In fact, in the days of Fela, afrobeat was collective, and quite different from today’s Afrobeats which is Individual.  Without a doubt, Fela’s Afrobeat was built on collective musicianship. His bands were large, disciplined, and technically demanding. The music unfolded slowly, deliberately, with extended instrumental sections that required patience and attention. Performances were immersive and confrontational. The Afrika Shrine was not just a venue; it was a political space.

Contrariwise, modern Afrobeats is star-driven. It centres the individual artist, often supported by producers working behind the scenes. Songs are shorter, tighter, and designed for repeat listening. Streaming economics reward brevity and immediacy, not endurance.

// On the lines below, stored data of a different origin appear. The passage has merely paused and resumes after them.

Lemma atom_prod_split_bool (seed : bool -> tT T L0) a b K (q : tT T K) :
  atom_prod seed (a + b).+2 q ->
  tpow (tgen1 (seed true)) a q \/ tpow (tgen1 (seed false)) b q.
Proof.
move=> [s [ls As ->]].
pose P (t : atom_index gT bool) := t.1.1.
have tpow_filter (Q : pred (atom_index gT bool)) c n :
    (forall t, Q t -> t.1.1 = c) -> (n < count Q s)%N ->
    tpow (tgen1 (seed c)) n (\prod_(t <- s | Q t) atom seed t K).
  move=> Qc ltn; rewrite -big_filter; apply: (tpow_atoms (tgen_tideal _)).
  - by rewrite size_filter.
  - by rewrite all_filter; apply/allP => t ts; apply/implyP => _; apply: (allP As).
  - by move=> t; rewrite mem_filter => /andP[/Qc -> _]; apply: tgen1_mem.
rewrite (bigID P); have := count_predC P s.
case: (leqP a.+1 (count P s)) => [la _ | la ls'].
  by left; apply: (tidealMr (tpow_tideal _ (tgen_tideal _))); apply: tpow_filter.
right; apply: (tidealMl (tpow_tideal _ (tgen_tideal _))); apply: tpow_filter.
  by move=> [[[] B] g].
rewrite -(ltn_add2l (count P s)) [X in (_ < X)%N]ls'; apply: leq_trans ls.
by rewrite ltnS -addSn leq_add2r ltnW.
Qed.

Lemma atom_expr (I : finType) (seed : I -> tT T L0) K t k : atom_at L0 K t ->
  atom seed t K ^+ k = atom (fun i => seed i ^+ k) t K.
Proof.
case: t => [[i B] g] /andP[sBK sBL].
by rewrite /= -nmX // -(ring_homX (res_ring_hom T sBL)) -(ring_homX (cj_ring_hom T (erefl _))).
Qed.

(* Some atom occurs more than [k * m.+1] times, and the [k]-th power of an atom of [x]
   is an atom of [x ^+ k]. *)
Lemma atom_prod_pigeonhole (x : tT T L0) k m K (q : tT T K) :
  atom_prod (fun _ : unit => x) (#|{: atom_index gT unit}| * (k * m.+1)).+1 q ->
  tpow (tgen1 (x ^+ k)) m q.
Proof.
move=> [s [ls As ->]]; have [t0 lt0] := count_mem_pigeonhole ls.
have At0 : atom_at L0 K t0.
  by apply: (allP As); rewrite -has_pred1 has_count (leq_ltn_trans _ lt0).
have hJ := tpow_tideal m (tgen_tideal (fun K0 (y : tT T K0) =>
  exists e : L0 = K0, y = ecast Z (tT T Z) e (x ^+ k))).
rewrite (prod_count_mem _ _ t0); apply: (tidealMr hJ).
rewrite -(subnKC (ltnW lt0)) exprD; apply: (tidealMr hJ).
rewrite exprM atom_expr //; apply: tpow_expr.
by case: t0 At0 {lt0} => [[[] B] g] At0; apply: tideal_atom At0; [exact: tgen_tideal | exact: tgen1_mem].
Qed.

End AtomSplitting.

(** * Radicals *)

Section Radical.
Variables (gT : finGroupType) (T : tambara gT).
Implicit Types (H K L : {group gT}) (X J : tfam T).

Definition tadditive X : Prop :=
  (forall H, X H 0) /\ (forall H a b, X H a -> X H b -> X H (a + b)).

Lemma tideal_additive J : is_tideal J -> tadditive J.
Proof. by move=> hJ; split=> [H|H a b]; [apply: tideal0 | apply: tidealD]. Qed.

(* The elements of [tpow (tgen1 z) n] are sums of transfers of products of [n.+1]
   atoms. *)
Lemma tpow_tgen1_sub L (I : finType) (seed : I -> tT T L) H (z : tT T H) n X :
  tadditive X -> trspan (atom_prod seed 1) z ->
  (forall K K' r (q : tT T K'), K' \subset K -> atom_prod seed n.+1 q ->
     X K (ttr T K' K (r * q))) ->
  fsub (tpow (tgen1 z) n) X.
Proof.
move=> [X0 XD] spz Xterm K w.
move/(tpow_trspan_atom_prod (tgen1_min (trspan_atom_prod_tideal _ _) spz)).
by elim=> [|a b _ Xa _ Xb|K' r q sK'K Aq]; [apply: X0 | apply: XD | apply: Xterm].
Qed.

Lemma tpow_tgen1_sub_tideal L (I : finType) (seed : I -> tT T L) H (z : tT T H) n J :
  is_tideal J -> trspan (atom_prod seed 1) z ->
  (forall K (q : tT T K), atom_prod seed n.+1 q -> J K q) ->
  fsub (tpow (tgen1 z) n) J.
Proof.
move=> hJ spz AJ; apply: (tpow_tgen1_sub (tideal_additive hJ) spz).
by move=> K K' r q sK'K /AJ Jq; apply: tideal_trM hJ sK'K Jq r.
Qed.

Lemma zero_tideal : is_tideal (fun H (x : tT T H) => x = 0).
Proof.
split=> [//|H x y /= -> ->|H r x /= ->|H K x sHK /= ->|]; rewrite ?addr0 ?mulr0 //.
  exact: ring_hom0 (res_ring_hom T sHK).
split=> [H K x sHK /= ->|H K x sHK /= ->|g H K x eK /= ->]; [exact: tr0 | exact: nm0 |].
exact: ring_hom0 (cj_ring_hom T eK).
Qed.

Section Additive.
Variable X : tfam T.
Hypothesis hX : tadditive X.

Lemma trad_add H (x y : tT T H) : trad X x -> trad X y -> trad X (x + y).
Proof.
move=> [a sXa] [b sXb]; exists (a + b).+1.
pose seed (c : bool) := if c then x else y.
apply: (tpow_tgen1_sub (seed := seed)) => // [|K K' r q sK'K].
  by apply: trspanD; apply: trspan_mem; [exact: (atom_prod_seed seed true) | exact: (atom_prod_seed seed false)].
by case/atom_prod_split_bool => Jq; [apply: sXa | apply: sXb];
  apply: (tideal_trM (tpow_tideal _ (tgen_tideal _))).
Qed.

Lemma trad_tideal : is_tideal (trad X).
Proof.
have gen H (x : tT T H) : is_tideal (tgen1 x) := tgen_tideal _.
split=> [H|H x y|H r x|H K x sHK|].
- exists 0%N; apply: fsub_trans (tgen1_min zero_tideal (erefl (0 : tT T H))) _.
  by move=> K _ ->; case: hX.
- exact: trad_add.
- by apply: trad_tgen1; apply: tidealMl (gen _ x) (tgen1_mem x) r.
- by apply: trad_tgen1; apply: tideal_res (gen _ x) sHK (tgen1_mem x).
split=> [H K x sHK|H K x sHK|g H K x eK]; apply: trad_tgen1.
- exact: tideal_tr (gen _ x) sHK (tgen1_mem x).
- exact: tideal_nm (gen _ x) sHK (tgen1_mem x).
- exact: tideal_cj (gen _ x) eK (tgen1_mem x).
Qed.

End Additive.

Lemma trad_idem X : fsub (trad (trad X)) (trad X).
Proof.
move=> H x [n sXn]; have [m sXm] := sXn _ _ (tpow_expr n (tgen1_mem x)).
exists (#|{: atom_index gT unit}| * (n.+1 * m.+1))%N.
apply: fsub_trans sXm; apply: (tpow_tgen1_sub_tideal (seed := fun _ : unit => x)).
- exact: tpow_tideal (tgen_tideal _).
- exact: trspan_mem (atom_prod_seed _ tt).
- by move=> K q /atom_prod_pigeonhole.
Qed.

End Radical.

Section Sums.
Variables (gT : finGroupType) (T : tambara gT) (Lam : Type) (F : Lam -> tfam T).

Lemma tsum_mem l H (x : tT T H) : F l x -> tsum F x.
Proof. by move=> Fx; exists [:: (l, x)]; split=> [p [<- | []] | ]; rewrite ?big_seq1. Qed.

Lemma tsum_additive : tadditive (tsum F).
Proof.
split=> [H|H x y [s [Fs ->]] [s' [Fs' ->]]]; first by exists [::]; rewrite big_nil.
exists (s ++ s'); rewrite big_cat; split=> // p sp.
by case: (List.in_app_or _ _ _ sp); [apply: Fs | apply: Fs'].
Qed.

Lemma tsum_sub_tideal J : is_tideal J -> (forall l, fsub (F l) J) -> fsub (tsum F) J.
Proof.
move=> hJ sFJ H x [s [Fs ->]]; elim: s Fs => [_|p s IHs Fs]; first by rewrite big_nil; apply: tideal0.
rewrite big_cons; apply: (tidealD hJ); first by apply: (sFJ p.1); apply: Fs; left.
by apply: IHs => q sq; apply: Fs; right.
Qed.

End Sums.

(** * Pushforward along a morphism *)

Section Morphism.
Variables (gT : finGroupType) (T S : tambara gT).
Variable f : forall H : {group gT}, tT T H -> tT S H.
Hypothesis hf : is_tmorph f.
Implicit Types (H K L : {group gT}) (I J : tfam T).

Lemma tmorph_ring_hom H : ring_hom (@f H). Proof. by case: hf. Qed.
Lemma tmorph_res H K x : H \subset K -> f (tres T H K x) = tres S H K (f x).
Proof. by case: hf => _ h *; apply: h. Qed.
Lemma tmorph_nm H K x : H \subset K -> f (tnm T H K x) = tnm S H K (f x).
Proof. by case: hf => _ _ _ h *; apply: h. Qed.
Lemma tmorph_cj g H K x : (K :=: H :^ g)%g -> f (tcj T g H K x) = tcj S g H K (f x).
Proof. by case: hf => _ _ _ _ h *; apply: h. Qed.

Definition timg I : tfam S := fun H y => exists x, I H x /\ y = f x.

Lemma timg_mono I J : fsub I J -> fsub (timg I) (timg J).
Proof. by move=> sIJ H _ [x [Ix ->]]; exists x; split=> //; apply: sIJ. Qed.

Lemma tpush_mono I J : fsub I J -> fsub (tpush f I) (tpush f J).
Proof. by move/timg_mono/tgen_mono. Qed.

Lemma tphi_mono I J : fsub I J -> fsub (tphi f I) (tphi f J).
Proof. by move/tpush_mono/trad_mono. Qed.

Section Image.
Variable I : tfam T.
Hypothesis hI : is_tideal I.

Lemma timg_res : res_closed (timg I).
Proof.
move=> H K _ sHK [x [Ix ->]]; exists (tres T H K x).
by rewrite tmorph_res //; split=> //; apply: (tideal_res hI).
Qed.

Lemma timg_cj : cj_closed (timg I).
Proof.
move=> g H K _ eK [x [Ix ->]]; exists (tcj T g H K x).
by rewrite tmorph_cj //; split=> //; apply: (tideal_cj hI).
Qed.

Lemma timg_nm : nm_closed (timg I).
Proof.
move=> H K _ sHK [x [Ix ->]]; exists (tnm T H K x).
by rewrite tmorph_nm //; split=> //; apply: (tideal_nm hI).
Qed.

Lemma tpush_trspan : feq (tpush f I) (trspan (timg I)).
Proof. exact: tgen_trspan timg_res timg_cj timg_nm. Qed.

End Image.

Lemma tpush_mul I J H (u v : tT S H) : is_tideal I -> is_tideal J ->
  tpush f I u -> tpush f J v -> tpush f (tmeet I J) (u * v).
Proof.
move=> hI hJ /(tpush_trspan hI) spu /(tpush_trspan hJ) spv.
apply/(tpush_trspan (tmeet_tideal hI hJ)).
apply: trspan_mul spu spv; [exact: timg_res | exact: timg_res | exact: timg_cj |].
move=> K _ _ [x [Ix ->]] [x' [Jx' ->]]; exists (x * x').
by rewrite (ring_homM (tmorph_ring_hom K)); split=> //; split; [apply: tidealMr | apply: tidealMl].
Qed.

Lemma tmorph_atom_prod L (A : finType) (seed : A -> tT T L) j K (q : tT S K) :
  atom_prod (fun a => f (seed a)) j q -> exists2 q', atom_prod seed j q' & q = f q'.
Proof.
move=> [s [ljs As ->]]; exists (\prod_(t <- s) atom seed t K); first by exists s.
rewrite (ring_hom_prod (tmorph_ring_hom K)); apply: eq_big_seq => -[[i B] g] ts.
have /andP[sBK sBL] := allP As _ ts.
by rewrite /= tmorph_nm // tmorph_res // tmorph_cj.
Qed.

Lemma tphi_tideal I : is_tideal (tphi f I).
Proof. exact/trad_tideal/tideal_additive/tgen_tideal. Qed.

Lemma tphi_mem I H (x : tT T H) : I H x -> tphi f I (f x).
Proof. by move=> Ix; exists 0%N; apply: tgen1_min (tgen_tideal _) _; apply: tgen_sub; exists x. Qed.

Lemma tphi_radical I : is_radical_tideal (tphi f I).
Proof.
split=> [|H x]; first exact: tphi_tideal.
split=> [phix | /trad_idem //].
exact (tideal_sub_trad (tphi_tideal I) (fsub_refl _) phix).
Qed.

Again, this is not a value judgment. It is a structural reality. But it underscores why comparison is misguided. Afrobeat was a movement sustained by collective resistance. Afrobeats is an industry powered by individual brands.

Sad enough, Fela paid the price that success now shields others from.  Perhaps the most inconvenient truth in this debate is that Fela suffered for his art in ways that few contemporary artists ever will. He was arrested repeatedly. He was beaten. His home, the Kalakuta Republic, was destroyed by soldiers. His mother, Funmilayo Ransome-Kuti, died from injuries sustained during a military attack linked to his activism.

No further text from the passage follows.